Raloxifene has been shown to decrease the risk of breast cancer by 50% compared with estrogens, but is not as effective as estrogen on the skeleton.

Calcitonin

This is a hormone that specifically binds to osteoclasts and decreases their activity and number. It is secreted by the parafollicular cells of the thyroid.  It is not thought to be physiologically important in humans.

Salmon calcitonin is more potent than human calcitonin but resistance can develop to it.  The usual dose of salmon calcitonin is 200u sprayed into alternate nostrils each day.

Calcitonin is the only antiresorptive agent to have an analgesic effect, and may be used in the early stages after a vertebral crush fracture.  It doesn’t appear to have any ill effects on fracture healing.

Calcitonin is particularly effective in augmenting cancellous bone, but hasn’t been shown to be of benefit in cortical bone.  It may decrease the vertebral fracture rate by around 40%.

Bisphosphonates

Bisphosphonates are synthetic analogues of pyrophosphate that bind to hydroxyapatite.  The linking oxygen of the pyrophosphate is substituted by a carbon and various side chains.

They work by binding to the surface of hydroxyapatite crystals and inhibiting their resorption, as well as by poisoning osteoclasts.

Alendronate (Fosamax) acts as an inhibitor of osteoclast mediated bone resorption.
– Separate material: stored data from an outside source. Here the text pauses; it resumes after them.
(* Assume the setting, majorant assumptions and constants of the context. Let $x_k$ be an iterate of the INL-CondG method with $x_k\in C\cap B(x_*,\sigma)\setminus\{x_*\}$ and $F(x_k)\neq0$, where the invertible matrix $M_k$ satisfies $\|M_k^{-1}F'(x_k)\|\le\omega_1$, $\|M_k^{-1}F'(x_k)-I\|\le\omega_2$, and for some invertible $P_k$ and scalar $\eta_k$ the residual satisfies $\|P_kr_k\|\le\eta_k\|P_kF(x_k)\|$ and $0\le\eta_k\,\mathrm{cond}(P_kF'(x_k))\le\vartheta$; let $\theta_k\ge0$ and $x_{k+1}=\mathrm{CondG}(y_k,x_k,\theta_k\|s_k\|^2)$. Then $$\|x_{k+1}-x_*\|\le\omega_1(1+\vartheta)(1+\sqrt{2\theta_k})|n_f(\|x_k-x_*\|)|+\big(\omega_1[(1+\vartheta)\sqrt{2\theta_k}+\vartheta]+\omega_2\big)\|x_k-x_*\|,$$ where $n_f(t)=t-f(t)/f'(t)$. If moreover $\theta_k\le\lambda^2/2$, then $\|x_{k+1}-x_*\|<\|x_k-x_*\|$.
   Context: Setting: $\Omega\subset\mathbb{R}^n$ is open, $F:\Omega\to\mathbb{R}^n$ is continuously differentiable with Jacobian $F'(x)$, $C\subset\Omega$ is a nonempty convex compact set, and $x_*\in C$ satisfies $F(x_* )=0$ with $F'(x_* )$ nonsingular. $\|\cdot\|$ is the Euclidean norm on $\mathbb{R}^n$ and the induced operator norm on matrices; $B(a,\delta)$ is the open ball of center $a$ and radius $\delta$; $\mathrm{cond}(A)=\|A^{-1}\|\|A\|$. Majorant assumptions: $R>0$, $\kappa:=\sup\{t\in[0,R): B(x_*,t)\subset\Omega\}$, and $f:[0,R)\to\mathbb{R}$ is continuously differentiable with $$\|F'(x_* )^{-1}[F'(x)-F'(x_*+\tau(x-x_* ))]\|\le f'(\|x-x_*\|)-f'(\tau\|x-x_*\|)\quad\text{for all }\tau\in[0,1],\ x\in B(x_*,\kappa),$$ (h1) $f(0)=0$, $f'(0)=-1$; (h2) $f'$ is strictly increasing. Constants: $0\le\vartheta<1$, $0\le\omega_2<\omega_1$, $\omega_1\vartheta+\omega_2<1$, $\lambda\in[0,(1-\omega_2-\omega_1\vartheta)/(\omega_1(1+\vartheta)))$; $\nu:=\sup\{t\in[0,R): f'(t)<0\}$; $\rho:=\sup\{\delta\in(0,\nu): \omega_1(1+\vartheta)(1+\lambda)\big(\tfrac{f(t)}{tf'(t)}-1\big)+\omega_1[(1+\vartheta)\lambda+\vartheta]+\omega_2<1 \text{ for all } t\in(0,\delta)\}$; $\sigma:=\min\{\kappa,\rho\}$. CondG procedure $z=\mathrm{CondG}(y,x,\varepsilon)$ (for $y\in\mathbb{R}^n$, $x\in C$, $\varepsilon\ge0$): set $z_1=x$, $t=1$. (P1) Compute an optimal solution $u_t$ of $g_t^*=\min_{u\in C}\langle z_t-y,u-z_t\rangle$. (P2) If $g_t^*\ge-\varepsilon$, set $z=z_t$ and stop; otherwise set $\alpha_t=\min\{1,-g_t^*/\|u_t-z_t\|^2\}$, $z_{t+1}=z_t+\alpha_t(u_t-z_t)$, $t\leftarrow t+1$ and go to (P1). INL-CondG method: given $x_0\in C$ and $\{\theta_j\}\subset[0,\infty)$, for $k=0,1,\dots$: if $F(x_k)=0$ stop; otherwise choose an invertible matrix $M_k$ (approximating $F'(x_k)$) and compute $(s_k,r_k,y_k)$ with $M_ks_k=-F(x_k)+r_k$, $y_k=x_k+s_k$; then set $x_{k+1}=\mathrm{CondG}(y_k,x_k,\theta_k\|s_k\|^2)$. *)

From mathcomp Require Import ssreflect ssrfun ssrbool eqtype ssrnat seq fintype bigop.
From Stdlib Require Import Reals ClassicalEpsilon.
Set Implicit Arguments.
Unset Strict Implicit.
Local Open Scope R_scope.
It increases bone mass in the hip and spine.  At 12 months there is on average a 3% increase in hip BMD and a 5% increase in lumbar BMD.  Black showed a 51% reduction in fracture risk at 3 years with a 10mg daily dose.  In patients that sustain a vertebral fracture the loss of height is less severe (5.9 vs 23.3mm).  There is evidence that bone mass continues to improve for 4 years after taking the drug.

  1. The dose is 10mg daily or 70mg weekly.  The tablet is taken first thing in the morning, on an empty stomach, with a full glass of water, and the patient must then stand or sit upright for 30 minutes.
  2. Calcium should be given concurrently
  3. This costs the community around $840 per annum (2002)
  4. The drug is distributed to the bone and the rest is excreted in the urine.
  5. Side effects include peptic ulceration, reflux oesophagitis etc.  Patients need to stop taking the medication if they develop dysphagia, odynophagia or retrosternal pain. 
  6. The bone formed in patients treated with alendronate is of normal quality
  7. The half life of alendronate in the skeleton is 10 years.
  8. Alendronate and estrogens may be synergistic.
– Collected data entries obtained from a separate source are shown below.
(* Suppose that the ''bounded polynomials have influential variables'' conjecture (stated in the context) holds, and let $\varepsilon,\delta>0$. Then given any quantum algorithm $Q$ that makes $T$ queries to a Boolean input $X\in\{0,1\}^N$, there exists a deterministic classical algorithm that makes $\mathrm{poly}(T,1/\varepsilon,1/\delta)$ queries, and that approximates $Q$'s acceptance probability to within an additive constant $\varepsilon$ on a $1-\delta$ fraction of inputs $X\in\{0,1\}^N$.
   Context: For a real polynomial $p:\mathbb{R}^N\to\mathbb{R}$ and $X\in\{0,1\}^N$, let $X^i$ denote $X$ with the $i$-th bit flipped. Define the $L_1$-variance $\mathrm{Vr}[p]:=\mathrm{E}_{X,Y\in\{0,1\}^N}[|p(X)-p(Y)|]$ and the influence of the $i$-th variable $\mathrm{Inf}_i[p]:=\mathrm{E}_{X\in\{0,1\}^N}[|p(X)-p(X^i)|]$. The conjecture (''bounded polynomials have influential variables''): for every polynomial $p:\mathbb{R}^N\to\mathbb{R}$ of degree $d$ such that $0\le p(X)\le 1$ for all $X\in\{0,1\}^N$ and $\mathrm{Vr}[p]\ge\varepsilon$, there exists an $i\in[N]$ such that $\mathrm{Inf}_i[p]\ge(\varepsilon/d)^{O(1)}$. *)

From HB Require Import structures.
From mathcomp Require Import all_boot all_order all_algebra.
From mathcomp Require Import reals.
From mathcomp Require Import mpoly.
From mathcomp Require Import complex.
From mathcomp Require Import sesquilinear spectral.

Set Implicit Arguments.
Unset Strict Implicit.
Unset Printing Implicit Defensive.

Import Order.TTheory GRing.Theory Num.Theory.
Local Open Scope ring_scope.

Definition input (N : nat) := {ffun 'I_N -> bool}.

Definition flip (N : nat) (X : input N) (i : 'I_N) : input N :=
  [ffun j => if j == i then ~~ X j else X j].

Definition peval (R : realType) (N : nat) (p : {mpoly R[N]}) (X : input N) : R :=
  p.@[fun j => (X j)%:R].

Definition Vr (R : realType) (N : nat) (p : {mpoly R[N]}) : R :=
  (\sum_(X : input N) \sum_(Y : input N) `|peval p X - peval p Y|)
    / (2 ^+ N * 2 ^+ N).

Definition Inf (R : realType) (N : nat) (p : {mpoly R[N]}) (i : 'I_N) : R :=
  (\sum_(X : input N) `|peval p X - peval p (flip X i)|) / 2 ^+ N.

(* total degree of a multivariate polynomial (deg 0 := 0) *)
Definition mdegree (R : realType) (N : nat) (p : {mpoly R[N]}) : nat :=
  (msize p).-1.

Definition influence_conjecture (R : realType) : Prop :=
  exists C : nat,
    forall (N d : nat) (p : {mpoly R[N]}) (eps : R),
      0 < eps ->
      mdegree p = d ->
      (forall X : input N, 0 <= peval p X <= 1) ->
      eps <= Vr p ->
      exists i : 'I_N, (eps / d%:R) ^+ C <= Inf p i.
Alendronate interferes with bone mineralization only at a dose 6000 times the dose that interferes with resorption, hence it has a very low chance of inducing osteomalacia.  This is opposed to etidronate, where the safety margin is one to one.

The use of alendronate along with HRT leads to significant increases in BMD cf either agent alone.

Alendronate prevents bone loss in post-menopausal women who do not have osteoporosis.

Bone stimulating agents

These agents would be most useful in low turnover osteoporosis.

These are currently experimental, but should be available soon.  They include:

  1. Sodium fluoride
    1. Directly stimulates recruitment and differentiation of osteoblasts.
    2. Enhances bone mass, particularly trabecular bone
    3. Needs to be given with calcium
  2. Cyclical parathyroid hormone
    1. Leads to increase in cancellous bone but a decline in cortical bone.